Lemma vsof_cap_eq0 (A B : 'M[K]_(\dim {:V})) :
  (A :&: B = 0)%MS -> (vsof e A :&: vsof e B = 0)%VS.
Proof.
move=> AB0; apply/eqP; rewrite -(msof_eq0 e_basis) -submx0 -AB0 sub_capmx.
by rewrite !(msof_sub e_basis) capvSl capvSr.
Qed.

End VsofSums.

Section RootSpacesAsGeigenspaces.
Variables (K : fieldType) (V : vectType K) (D : 'End(V)).
Let e := vbasis {:V}.
Let e_basis : basis_of {:V} e := vbasisP {:V}.

Lemma mxof_lfun_pow f k :
  mxof e e (lfun_pow f k) = iter k (fun A => A *m mxof e e f) 1%:M.
Proof.
elim: k => [|k IHk]; first by rewrite /lfun_pow /= mxof1 // (basis_free e_basis).
by rewrite /lfun_pow iterS (mxof_comp _ _ e_basis) -/(lfun_pow f k) IHk.
Qed.

Lemma root_space_vsof a : root_space D a = vsof e (geigenspace (mxof e e D) a).
Proof.
rewrite /root_space -/(lfun_pow _ _) (lker_ker e_basis) mxof_lfun_pow.
rewrite linearB linearZ /= mxof1 ?(basis_free e_basis) // scalemx1.
by rewrite geigenspace_iter.
Qed.

Lemma sum_root_space_vsof (t : seq K) :
  (\sum_(b <- t) root_space D b)%VS =
  vsof e (\sum_(b <- t) geigenspace (mxof e e D) b)%MS.
Proof. by rewrite vsof_sumsmx //; apply: eq_bigr => b _; rewrite root_space_vsof. Qed.

Lemma root_space_cap_sum_eq0 a t : a \notin t ->
  (root_space D a :&: \sum_(b <- t) root_space D b = 0)%VS.
Proof.
move=> a_notin_t; rewrite root_space_vsof sum_root_space_vsof.
exact/vsof_cap_eq0/geigenspace_cap_sum_eq0.
Qed.

Lemma dim_sum_root_space t : uniq t ->
  \dim (\sum_(a <- t) root_space D a) = (\sum_(a <- t) \dim (root_space D a))%N.
Proof.
elim: t => [|a t IHt]; first by rewrite !big_nil dimv0.
case/andP=> a_notin_t t_uniq.
by rewrite !big_cons dimv_disjoint_sum ?root_space_cap_sum_eq0 // IHt.
Qed.

End RootSpacesAsGeigenspaces.

Lemma sum_root_space_full (K : closedFieldType) (V : vectType K) (D : 'End(V)) :
  exists s : seq K, (\sum_(a <- s) root_space D a)%VS = fullv.
Proof.
have [s full_s] := sum_geigenspace_full (mxof (vbasis {:V}) (vbasis {:V}) D).
exists s; apply/eqP; rewrite eqEsubv subvf sum_root_space_vsof /=.
by rewrite -(msof_sub (vbasisP {:V})) (submx_trans (submx1 _) full_s).
Qed.

Section Gradings.
Variables (K : fieldType) (V : vectType K) (mul : V -> V -> V).
Variables (Gamma : eqType) (A : Gamma -> {vspace V}) (op : Gamma -> Gamma -> Gamma).
Hypothesis A_grading : is_grading mul A op.

Lemma grading_op_eq g h k :
  prod_nonzero mul (A g) (A h) -> prod_sub mul (A g) (A h) (A k) -> op g h = k.
Proof.
move=> nz_gh sub_k; have [x [y [xg [yh xy_neq0]]]] := nz_gh.
apply/eqP; apply: contraNT xy_neq0 => op_neq_k.
have := A_grading.1 [:: op g h; k]; rewrite /= inE op_neq_k => /(_ isT).
rewrite directvE /= !big_cons !big_nil addv0 addn0 (dimv_add_leqif _ _).2.
by rewrite subv0 -memv0 => /eqP <-; rewrite memv_cap A_grading.2.2 ?sub_k.
Qed.

End Gradings.

Lemma semigroup_grading_assoc (K : fieldType) (V : vectType K) (mul : V -> V -> V)
    (Gamma : eqType) (A : Gamma -> {vspace V}) (op : Gamma -> Gamma -> Gamma) g h k :
  semigroup_grading mul A op ->
  prod_nonzero mul (A g) (A h) -> prod_nonzero mul (A h) (A k) ->
  prod_nonzero mul (A (op g h)) (A k) -> prod_nonzero mul (A g) (A (op h k)) ->
  op (op g h) k = op g (op h k).
Proof.
move=> [G [m [phi [m_assoc [phi_inj phiM]]]]] gh hk gh_k g_hk.
by apply: phi_inj; rewrite !phiM // m_assoc.
Qed.

Section RootDecomposition.
Variables (K : fieldType) (V : vectType K) (mul : V -> V -> V).
Hypothesis mul_bilinear : bilinear_mul mul.
Variables (delta gamma : K) (D : 'End(V)).
Hypothesis D_derivation : dg_derivation mul delta gamma D.

Local Notation RD := (@root_decomp K V D).

Lemma is_root_mul a b : prod_nonzero mul (root_space D a) (root_space D b) ->
  is_root D (delta * a + gamma * b).
Proof.
move=> [x [y [xa [yb xy_neq0]]]]; apply: contraNneq xy_neq0 => root0.
by rewrite -memv0 -root0 (mul_root_space mul_bilinear D_derivation).
Qed.

(* Off the pairs with nonzero product the value of the operation is irrelevant;
   [insubd g] just makes it total. *)
Definition root_op (g h : roots_of D) : roots_of D :=
  insubd g (delta * val g + gamma * val h).

Lemma val_root_op g h : prod_nonzero mul (RD g) (RD h) ->
  val (root_op g h) = delta * val g + gamma * val h.
Proof. by move=> gh; rewrite val_insubd is_root_mul. Qed.

Lemma root_decomp_mul_sub g h :
  prod_nonzero mul (RD g) (RD h) ->
  prod_sub mul (RD g) (RD h) (RD (root_op g h)).
Proof.
move=> gh x y xg yh; rewrite /root_decomp val_root_op //.
exact: mul_root_space.
Qed.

------------

Goal of the exercise => Set the listing above down again exactly.

Solution to this problem =>
Lemma vsof_cap_eq0 (A B : 'M[K]_(\dim {:V})) :
  (A :&: B = 0)%MS -> (vsof e A :&: vsof e B = 0)%VS.
Proof.
move=> AB0; apply/eqP; rewrite -(msof_eq0 e_basis) -submx0 -AB0 sub_capmx.
by rewrite !(msof_sub e_basis) capvSl capvSr.
Qed.

End VsofSums.

Section RootSpacesAsGeigenspaces.
Variables (K : fieldType) (V : vectType K) (D : 'End(V)).
Let e := vbasis {:V}.
Let e_basis : basis_of {:V} e := vbasisP {:V}.

Lemma mxof_lfun_pow f k :
  mxof e e (lfun_pow f k) = iter k (fun A => A *m mxof e e f) 1%:M.
Proof.
elim: k => [|k IHk]; first by rewrite /lfun_pow /= mxof1 // (basis_free e_basis).
by rewrite /lfun_pow iterS (mxof_comp _ _ e_basis) -/(lfun_pow f k) IHk.
Qed.

Lemma root_space_vsof a : root_space D a = vsof e (geigenspace (mxof e e D) a).
Proof.
rewrite /root_space -/(lfun_pow _ _) (lker_ker e_basis) mxof_lfun_pow.
rewrite linearB linearZ /= mxof1 ?(basis_free e_basis) // scalemx1.
by rewrite geigenspace_iter.
Qed.

Lemma sum_root_space_vsof (t : seq K) :
  (\sum_(b <- t) root_space D b)%VS =
  vsof e (\sum_(b <- t) geigenspace (mxof e e D) b)%MS.
Proof. by rewrite vsof_sumsmx //; apply: eq_bigr => b _; rewrite root_space_vsof. Qed.

Lemma root_space_cap_sum_eq0 a t : a \notin t ->
  (root_space D a :&: \sum_(b <- t) root_space D b = 0)%VS.
Proof.
move=> a_notin_t; rewrite root_space_vsof sum_root_space_vsof.
exact/vsof_cap_eq0/geigenspace_cap_sum_eq0.
Qed.

Lemma dim_sum_root_space t : uniq t ->
  \dim (\sum_(a <- t) root_space D a) = (\sum_(a <- t) \dim (root_space D a))%N.
Proof.
elim: t => [|a t IHt]; first by rewrite !big_nil dimv0.
case/andP=> a_notin_t t_uniq.
by rewrite !big_cons dimv_disjoint_sum ?root_space_cap_sum_eq0 // IHt.
Qed.

End RootSpacesAsGeigenspaces.

Lemma sum_root_space_full (K : closedFieldType) (V : vectType K) (D : 'End(V)) :
  exists s : seq K, (\sum_(a <- s) root_space D a)%VS = fullv.
Proof.
have [s full_s] := sum_geigenspace_full (mxof (vbasis {:V}) (vbasis {:V}) D).
exists s; apply/eqP; rewrite eqEsubv subvf sum_root_space_vsof /=.
by rewrite -(msof_sub (vbasisP {:V})) (submx_trans (submx1 _) full_s).
Qed.

Section Gradings.
Variables (K : fieldType) (V : vectType K) (mul : V -> V -> V).
Variables (Gamma : eqType) (A : Gamma -> {vspace V}) (op : Gamma -> Gamma -> Gamma).
Hypothesis A_grading : is_grading mul A op.

Lemma grading_op_eq g h k :
  prod_nonzero mul (A g) (A h) -> prod_sub mul (A g) (A h) (A k) -> op g h = k.
Proof.
move=> nz_gh sub_k; have [x [y [xg [yh xy_neq0]]]] := nz_gh.
apply/eqP; apply: contraNT xy_neq0 => op_neq_k.
have := A_grading.1 [:: op g h; k]; rewrite /= inE op_neq_k => /(_ isT).
rewrite directvE /= !big_cons !big_nil addv0 addn0 (dimv_add_leqif _ _).2.
by rewrite subv0 -memv0 => /eqP <-; rewrite memv_cap A_grading.2.2 ?sub_k.
Qed.

End Gradings.

Lemma semigroup_grading_assoc (K : fieldType) (V : vectType K) (mul : V -> V -> V)
    (Gamma : eqType) (A : Gamma -> {vspace V}) (op : Gamma -> Gamma -> Gamma) g h k :
  semigroup_grading mul A op ->
  prod_nonzero mul (A g) (A h) -> prod_nonzero mul (A h) (A k) ->
  prod_nonzero mul (A (op g h)) (A k) -> prod_nonzero mul (A g) (A (op h k)) ->
  op (op g h) k = op g (op h k).
Proof.
move=> [G [m [phi [m_assoc [phi_inj phiM]]]]] gh hk gh_k g_hk.
by apply: phi_inj; rewrite !phiM // m_assoc.
Qed.

Section RootDecomposition.
Variables (K : fieldType) (V : vectType K) (mul : V -> V -> V).
Hypothesis mul_bilinear : bilinear_mul mul.
Variables (delta gamma : K) (D : 'End(V)).
Hypothesis D_derivation : dg_derivation mul delta gamma D.

Local Notation RD := (@root_decomp K V D).

Lemma is_root_mul a b : prod_nonzero mul (root_space D a) (root_space D b) ->
  is_root D (delta * a + gamma * b).
Proof.
move=> [x [y [xa [yb xy_neq0]]]]; apply: contraNneq xy_neq0 => root0.
by rewrite -memv0 -root0 (mul_root_space mul_bilinear D_derivation).
Qed.

(* Off the pairs with nonzero product the value of the operation is irrelevant;
   [insubd g] just makes it total. *)
Definition root_op (g h : roots_of D) : roots_of D :=
  insubd g (delta * val g + gamma * val h).

Lemma val_root_op g h : prod_nonzero mul (RD g) (RD h) ->
  val (root_op g h) = delta * val g + gamma * val h.
Proof. by move=> gh; rewrite val_insubd is_root_mul. Qed.

Lemma root_decomp_mul_sub g h :
  prod_nonzero mul (RD g) (RD h) ->
  prod_sub mul (RD g) (RD h) (RD (root_op g h)).
Proof.
move=> gh x y xg yh; rewrite /root_decomp val_root_op //.
exact: mul_root_space.
Qed.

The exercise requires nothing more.